Please provide the entire URL of the model you are using?
https://github.com/tensorflow/models/tree/master/research/object_detection

Describe the current behavior
ssdlite_mobilenet_v3 quantization-aware training results in the following error. After starting the training, tf.train.saver seems to cause an error.
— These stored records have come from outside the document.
(* A named value of a quantified variable is matched through its name; an
   unnamed one is traded, using the safety of the variable, for the related
   values [env1 0] and [env2 0]. *)
Lemma sat_ht_corr_prenex (M : form C P) ip1 ip2 U1 U2 pre env1 env2 :
  qfree M -> wf_over ar ps M -> incl (consts M) cs ->
  supported ar ps cs ic1 ip1 -> supported ar ps cs ic2 ip2 ->
  interp_le ar ps U1 ip1 -> interp_le ar ps U2 ip2 ->
  interp_corr ar ps R ip1 ip2 -> interp_corr ar ps R U1 U2 ->
  NoDup (map snd pre) ->
  (forall x, In (QAll, x) pre -> occ_covered (cover_all x) x true M) ->
  (forall x, In (QEx, x) pre -> occ_covered (cover_ex x) x true M) ->
  (forall v, R (env1 v) (env2 v)) ->
  sat_ht ic1 ip1 U1 env1 (prenex pre M) -> sat_ht ic2 ip2 U2 env2 (prenex pre M).
Proof.
  intros Hq Hok Hc Hs1 Hs2 HU1 HU2 Hip HU.
  revert env1 env2. induction pre as [|[q x] pre IH]; intros env1 env2 Hnd HA HE He;
    cbn [prenex].
  - apply sat_ht_corr_qfree; auto.
  - cbn in Hnd. apply NoDup_cons_iff in Hnd. destruct Hnd as [Hx Hnd].
    assert (HA' : forall y, In (QAll, y) pre -> occ_covered (cover_all y) y true M)
      by auto with datatypes.
    assert (HE' : forall y, In (QEx, y) pre -> occ_covered (cover_ex y) y true M)
      by auto with datatypes.
    specialize (fun e1 e2 => IH e1 e2 Hnd HA' HE').
    destruct q; cbn.
    + intros H d2. destruct (classic (named cs ic2 d2)) as [[c [Hc' ->]]|Hn].
      * apply (IH (upd env1 x (ic1 c))); [apply upd_corr; auto|apply H].
      * apply (sat_ht_forall_unnamed ar ps cs ic2 ip2 U2 M x pre env2 (env2 0) d2
                 Hs2 HU2 Hq Hok Hc (HA x (or_introl eq_refl)) Hx Hn).
        apply (IH (upd env1 x (env1 0))); [apply upd_corr; auto|apply H].
    + intros [d1 H]. destruct (classic (named cs ic1 d1)) as [[c [Hc' ->]]|Hn].
      * exists (ic2 c). apply (IH (upd env1 x (ic1 c))); [apply upd_corr; auto|apply H].
      * exists (env2 0). apply (IH (upd env1 x (env1 0))); [apply upd_corr; auto|].
        apply (sat_ht_exists_unnamed ar ps cs ic1 ip1 U1 M x pre env1 (env1 0) d1
                 Hs1 HU1 Hq Hok Hc (HE x (or_introl eq_refl)) Hx Hn H).
Qed.

End Transfer.

Section SPPSemantics.
Context {C P D : Type} (ic : C -> D) (ip : P -> list D -> Prop).

Lemma sat_bigand env (l : list (form C P)) :
  sat ic ip env (bigand l) <-> forall f, In f l -> sat ic ip env f.
Proof.
  induction l as [|f l IH]; cbn.
  - split; [tauto|intros _ H; exact H].
  - rewrite IH. split; [intros [H1 H2] g [<-|Hg]; auto|intros H; split; auto].
Qed.

Lemma sat_bigor env (l : list (form C P)) :
  sat ic ip env (bigor l) <-> exists f, In f l /\ sat ic ip env f.
Proof.
  induction l as [|f l IH]; cbn.
  - split; [tauto|intros [f [[] _]]].
  - rewrite IH. split.
    + intros [H|[g [Hg H]]]; eauto.
    + intros [g [[<-|Hg] H]]; eauto.
Qed.

Lemma sat_in_c env cs xs : sat ic ip env (@in_c C P cs xs) <->
  forall x, In x xs -> exists c, In c cs /\ env x = ic c.
Proof.
  unfold in_c. rewrite sat_bigand. split.
  - intros H x Hx. specialize (H _ (in_map _ _ _ Hx)). apply sat_bigor in H.
    destruct H as [f [Hf H]]. apply in_map_iff in Hf. destruct Hf as [c [<- Hc]].
    exists c; split; auto.
  - intros H f Hf. apply in_map_iff in Hf. destruct Hf as [x [<- Hx]].
    apply sat_bigor. destruct (H x Hx) as [c [Hc E]].
    exists (FEq (Var x) (Cst c)). split; auto. apply in_map_iff. eauto.
Qed.

Fixpoint updl (env : nat -> D) (k : nat) (ds : list D) : nat -> D :=
  match ds with [] => env | d :: ds => updl (upd env k d) (S k) ds end.

Lemma updl_lt ds env k v : v < k -> updl env k ds v = env v.
Proof.
  revert env k. induction ds as [|d ds IH]; cbn; intros env k Hv; auto.
  rewrite IH by lia. unfold upd. destruct (Nat.eqb_spec v k); auto; lia.
Qed.

Lemma updl_seq ds env k : map (updl env k ds) (seq k (length ds)) = ds.
Proof.
  revert env k. induction ds as [|d ds IH]; cbn; intros env k; auto.
  rewrite IH, updl_lt by lia. now rewrite upd_same.
Qed.

Lemma sat_forall_list_seq n k env (body : form C P) :
  sat ic ip env (forall_list (seq k n) body) <->
  forall ds, length ds = n -> sat ic ip (updl env k ds) body.
Proof.
  revert k env. induction n as [|n IH]; intros k env; cbn.
  - split; [intros H [|d ds] Hl; cbn in *; auto; discriminate|intros H; apply (H [])]; auto.
  - split.
    + intros H [|d ds] Hl; cbn in Hl; try discriminate. cbn. apply IH; auto.
    + intros H d. apply IH. intros ds Hl. apply (H (d :: ds)). cbn; auto.
Qed.

Lemma sat_SPP ar cs ps env : sat ic ip env (SPP ar cs ps) <-> supported ar ps cs ic ip.
Proof.
  unfold SPP. rewrite sat_bigand. split.
  - intros H p ds Hp Hl Hip d Hd.
    specialize (H _ (in_map _ _ _ Hp)). cbv beta in H. rewrite sat_forall_list_seq in H.
    specialize (H ds Hl). cbn [sat] in H.
    rewrite map_map in H. cbn [term_val] in H. rewrite <- Hl, updl_seq in H.
    specialize (H Hip). rewrite sat_in_c in H.
    rewrite <- (updl_seq ds env 0) in Hd. apply in_map_iff in Hd. destruct Hd as [x [<- Hx]].
    destruct (H x Hx) as [c [Hc E]]. exists c; auto.
  - intros H f Hf. apply in_map_iff in Hf. destruct Hf as [p [<- Hp]].
    rewrite sat_forall_list_seq. intros ds Hl. cbn [sat].
    rewrite map_map. cbn [term_val]. rewrite <- Hl, updl_seq. intros Hip.
    rewrite sat_in_c. intros x Hx.
    assert (Hin : In (updl env 0 ds x) ds).
    { rewrite <- (updl_seq ds env 0) at 2. now apply in_map. }
    destruct (H p ds Hp Hl Hip _ Hin) as [c [Hc E]]. eauto.
Qed.

End SPPSemantics.

Fixpoint tuples {A} (l : list A) (n : nat) : list (list A) :=
  match n with
  | 0 => [[]]
  | S n => flat_map (fun a => map (cons a) (tuples l n)) l
  end.

Lemma tuples_complete {A} (l : list A) n t : length t = n -> incl t l -> In t (tuples l n).
Proof.
  revert t. induction n as [|n IH]; intros [|a t] Hn Ht; cbn in *; try discriminate; auto.
  apply in_flat_map. exists a. split; [apply Ht; now left|].
  apply in_map, IH; [lia|]. intros b Hb; apply Ht; now right.
Qed.

Lemma tuples_length {A} (l : list A) n t : In t (tuples l n) -> length t = n.
Proof.
  revert t. induction n as [|n IH]; intros t H; cbn in *.
  - destruct H as [<-|[]]; auto.
  - apply in_flat_map in H. destruct H as [a [_ H]]. apply in_map_iff in H.
    destruct H as [t' [<- H]]. cbn. f_equal. auto.
Qed.

Lemma classical_filter {A} (Q : A -> Prop) (l : list A) :
  exists l', forall a, In a l' <-> In a l /\ Q a.
Proof.
  induction l as [|a l [l' H]].
  - exists []. cbn. tauto.
  - destruct (classic (Q a)) as [Ha|Ha]; [exists (a :: l')|exists l']; intros b; cbn;
      rewrite H; intuition congruence.
Qed.

Definition ground_atoms {C P} (ar : P -> nat) (cs : list C) (ps : list P) : list (form C P) :=
  map (fun cc => FEq (Cst (fst cc)) (Cst (snd cc))) (list_prod cs cs) ++
  flat_map (fun p => map (fun cl => FAtom p (map Cst cl)) (tuples cs (ar p))) ps.

Lemma ground_atoms_wf {C P} ar (cs : list C) (ps : list P) A :
  In A (ground_atoms ar cs ps) -> wf ar A /\ var_free A.
Proof.
  unfold ground_atoms. intros H. apply in_app_or in H. destruct H as [H|H].
  - apply in_map_iff in H. destruct H as [cc [<- _]]. cbn. auto.
  - apply in_flat_map in H. destruct H as [p [_ H]]. apply in_map_iff in H.
    destruct H as [cl [<- H]]. cbn. split.
    + rewrite length_map. eapply tuples_length; eauto.
    + clear. induction cl; cbn; auto.
Qed.

Lemma ground_eq_In {C P} ar (cs : list C) (ps : list P) c c' : In c cs -> In c' cs ->
  In (FEq (Cst c) (Cst c')) (ground_atoms ar cs ps).
Proof.
  intros Hc Hc'. apply in_or_app. left. apply in_map_iff. exists (c, c').
  split; auto. now apply in_prod.
Qed.

Lemma ground_atom_In {C P} ar (cs : list C) (ps : list P) p cl :
  In p ps -> length cl = ar p -> incl cl cs ->
  In (FAtom p (map Cst cl)) (ground_atoms ar cs ps).
Proof.
  intros Hp Hl Hcl. apply in_or_app. right. apply in_flat_map. exists p. split; auto.
  apply in_map_iff. exists cl. split; auto. now apply tuples_complete.
Qed.

Fixpoint desc {C P} (L : list (form C P)) (s : list bool) : form C P :=
  match L, s with
  | A :: L', b :: s' => FAnd (if b then A else FImp A FBot) (desc L' s')
  | _, _ => FTop
  end.
Lemma card_le_sum A A' B B' : card_le A A' -> card_le B B' -> card_le (A + B) (A' + B').
Proof.
intros [f Hf] [g Hg]. exists (fun p => match p with inl a => inl (f a) | inr b => inr (g b) end).
intros [a|b] [a'|b'] h; try discriminate; injection h; intro h1.
- rewrite (Hf _ _ h1); reflexivity.
- rewrite (Hg _ _ h1); reflexivity.
Qed.

Lemma card_le_nat_pair : card_le (nat * nat) nat.
Proof.
exists Cantor.to_nat. intros a b h.
rewrite <- (Cantor.cancel_of_to a), <- (Cantor.cancel_of_to b), h. reflexivity.
Qed.

Lemma card_le_prod_nat_nat T : card_le ((T * nat) * nat) (T * nat).
Proof.
apply (card_le_trans _ (T * (nat * nat))).
- exists (fun p => (fst (fst p), (snd (fst p), snd p))).
  intros [[a b] c] [[a' b'] c'] h. injection h; intros; subst; reflexivity.
- apply card_le_prod; [apply card_le_refl | apply card_le_nat_pair].
Qed.

Lemma card_le_sum_diag T : card_le (T + T) (T * nat).
Proof.
exists (fun p => match p with inl a => (a, 0) | inr a => (a, 1) end).
intros [a|a] [a'|a'] h; injection h; intros; subst; try discriminate; reflexivity.
Qed.

Lemma card_le_sig {T} (P : T -> Prop) : card_le {x | P x} T.
Proof. exists (@proj1_sig _ _). intros a b. apply proj1_sig_inj. Qed.

Lemma card_le_sig_sub {T} (P P' : T -> Prop) :
  (forall x, P x -> P' x) -> card_le {x | P x} {x | P' x}.
Proof.
intro H. exists (fun a => exist P' (proj1_sig a) (H _ (proj2_sig a))).
intros a b h. apply proj1_sig_inj. exact (f_equal (@proj1_sig _ _) h).
Qed.

Definition partial_bij {A B} (r : A * B -> Prop) :=
  (forall a b b', r (a, b) -> r (a, b') -> b = b') /\
  (forall a a' b, r (a, b) -> r (a', b) -> a = a').

Lemma partial_bij_chain_union {A B} (F : (A * B -> Prop) -> Prop) :
  (forall r, F r -> partial_bij r) ->
  (forall r r', F r -> F r' -> (forall t, r t -> r' t) \/ (forall t, r' t -> r t)) ->
  partial_bij (fun t => exists r, F r /\ r t).
Proof.
intros HF Htot. split.
- intros a b b' [r [Fr rt]] [r' [Fr' rt']].
  destruct (Htot r r' Fr Fr') as [h|h].
  + apply (proj1 (HF r' Fr') a); auto.
  + apply (proj1 (HF r Fr) a); auto.
- intros a a' b [r [Fr rt]] [r' [Fr' rt']].
  destruct (Htot r r' Fr Fr') as [h|h].
  + apply (proj2 (HF r' Fr') _ _ b); auto.
  + apply (proj2 (HF r Fr) _ _ b); auto.
Qed.

(* A maximal partial bijection is total on one of the two sides. *)
Lemma card_le_total A B : card_le A B \/ card_le B A.
Proof.
destruct (zorn_chain_union (A * B) partial_bij (fun F h1 h2 => partial_bij_chain_union F h1 h2))
  as [M [PM Mmax]].
destruct (classic (forall a, exists b, M (a, b))) as [HA|HA].
{ left. apply (card_le_rel (fun a b => M (a, b))); auto.
  intros a a' b h h'. apply (proj2 PM a a' b); auto. }
destruct (classic (forall b, exists a, M (a, b))) as [HB|HB].
{ right. apply (card_le_rel (fun b a => M (a, b))); auto.
  intros b b' a h h'. apply (proj1 PM a b b'); auto. }
exfalso. apply not_all_ex_not in HA as [a0 Ha0]. apply not_all_ex_not in HB as [b0 Hb0].
set (M' := fun t => M t \/ t = (a0, b0)).
assert (PM' : partial_bij M').
{ split.
  - intros a b b' [h|h] [h'|h'].
    + apply (proj1 PM a); auto.
    + injection h'; intros; subst. exfalso; apply Ha0; exists b; auto.
    + injection h; intros; subst. exfalso; apply Ha0; exists b'; auto.
    + injection h; injection h'; intros; subst; auto.
  - intros a a' b [h|h] [h'|h'].
    + apply (proj2 PM a a' b); auto.
    + injection h'; intros; subst. exfalso; apply Hb0; exists a; auto.
    + injection h; intros; subst. exfalso; apply Hb0; exists a'; auto.
    + injection h; injection h'; intros; subst; auto. }
apply Ha0. exists b0. exact (Mmax M' (fun t h => or_introl h) PM' (a0, b0) (or_intror eq_refl)).
Qed.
$ python ./object_detection/model_main.py \
    --alsologtostderr \
    --pipeline_config_path=${DATA_DIR}/ssdlite_mobilenet_v3_large_320x320_pet_quant.config \
    --num_train_steps=500000 \
    --sample_1_of_n_eval_examples=1 \
    --model_dir=${DATA_DIR}/train_ssdlite_mobilenet_v3_large_320x320_pet_quant

... start training ...

W tensorflow/core/framework/op_kernel.cc:1651] OP_REQUIRES failed at save_restore_v2_ops.cc:184 : Not found: Key FeatureExtractor/MobilenetV3/Conv/conv_quant/max not found in checkpoint
Traceback (most recent call last):
  File "/tensorflow-1.15.0/python3.6/tensorflow_core/python/client/session.py", line 1365, in _do_call
    return fn(*args)
  File "/tensorflow-1.15.0/python3.6/tensorflow_core/python/client/session.py", line 1350, in _run_fn
    target_list, run_metadata)
  File "/tensorflow-1.15.0/python3.6/tensorflow_core/python/client/session.py", line 1443, in _call_tf_sessionrun
    run_metadata)
tensorflow.python.framework.errors_impl.NotFoundError: 2 root error(s) found.
  (0) Not found: Key FeatureExtractor/MobilenetV3/Conv/conv_quant/max not found in checkpoint
	 [[{{node save/RestoreV2}}]]
  (1) Not found: Key FeatureExtractor/MobilenetV3/Conv/conv_quant/max not found in checkpoint
	 [[{{node save/RestoreV2}}]]
	 [[save/RestoreV2/_301]]
0 successful operations.
0 derived errors ignored.

During handling of the above exception, another exception occurred:
............

I have code that reproduces the error on google colaboratory.

Complete quantization-aware training of mobilenet v3 of image classification model and deeplab model succeeds. Only the object detection model fails.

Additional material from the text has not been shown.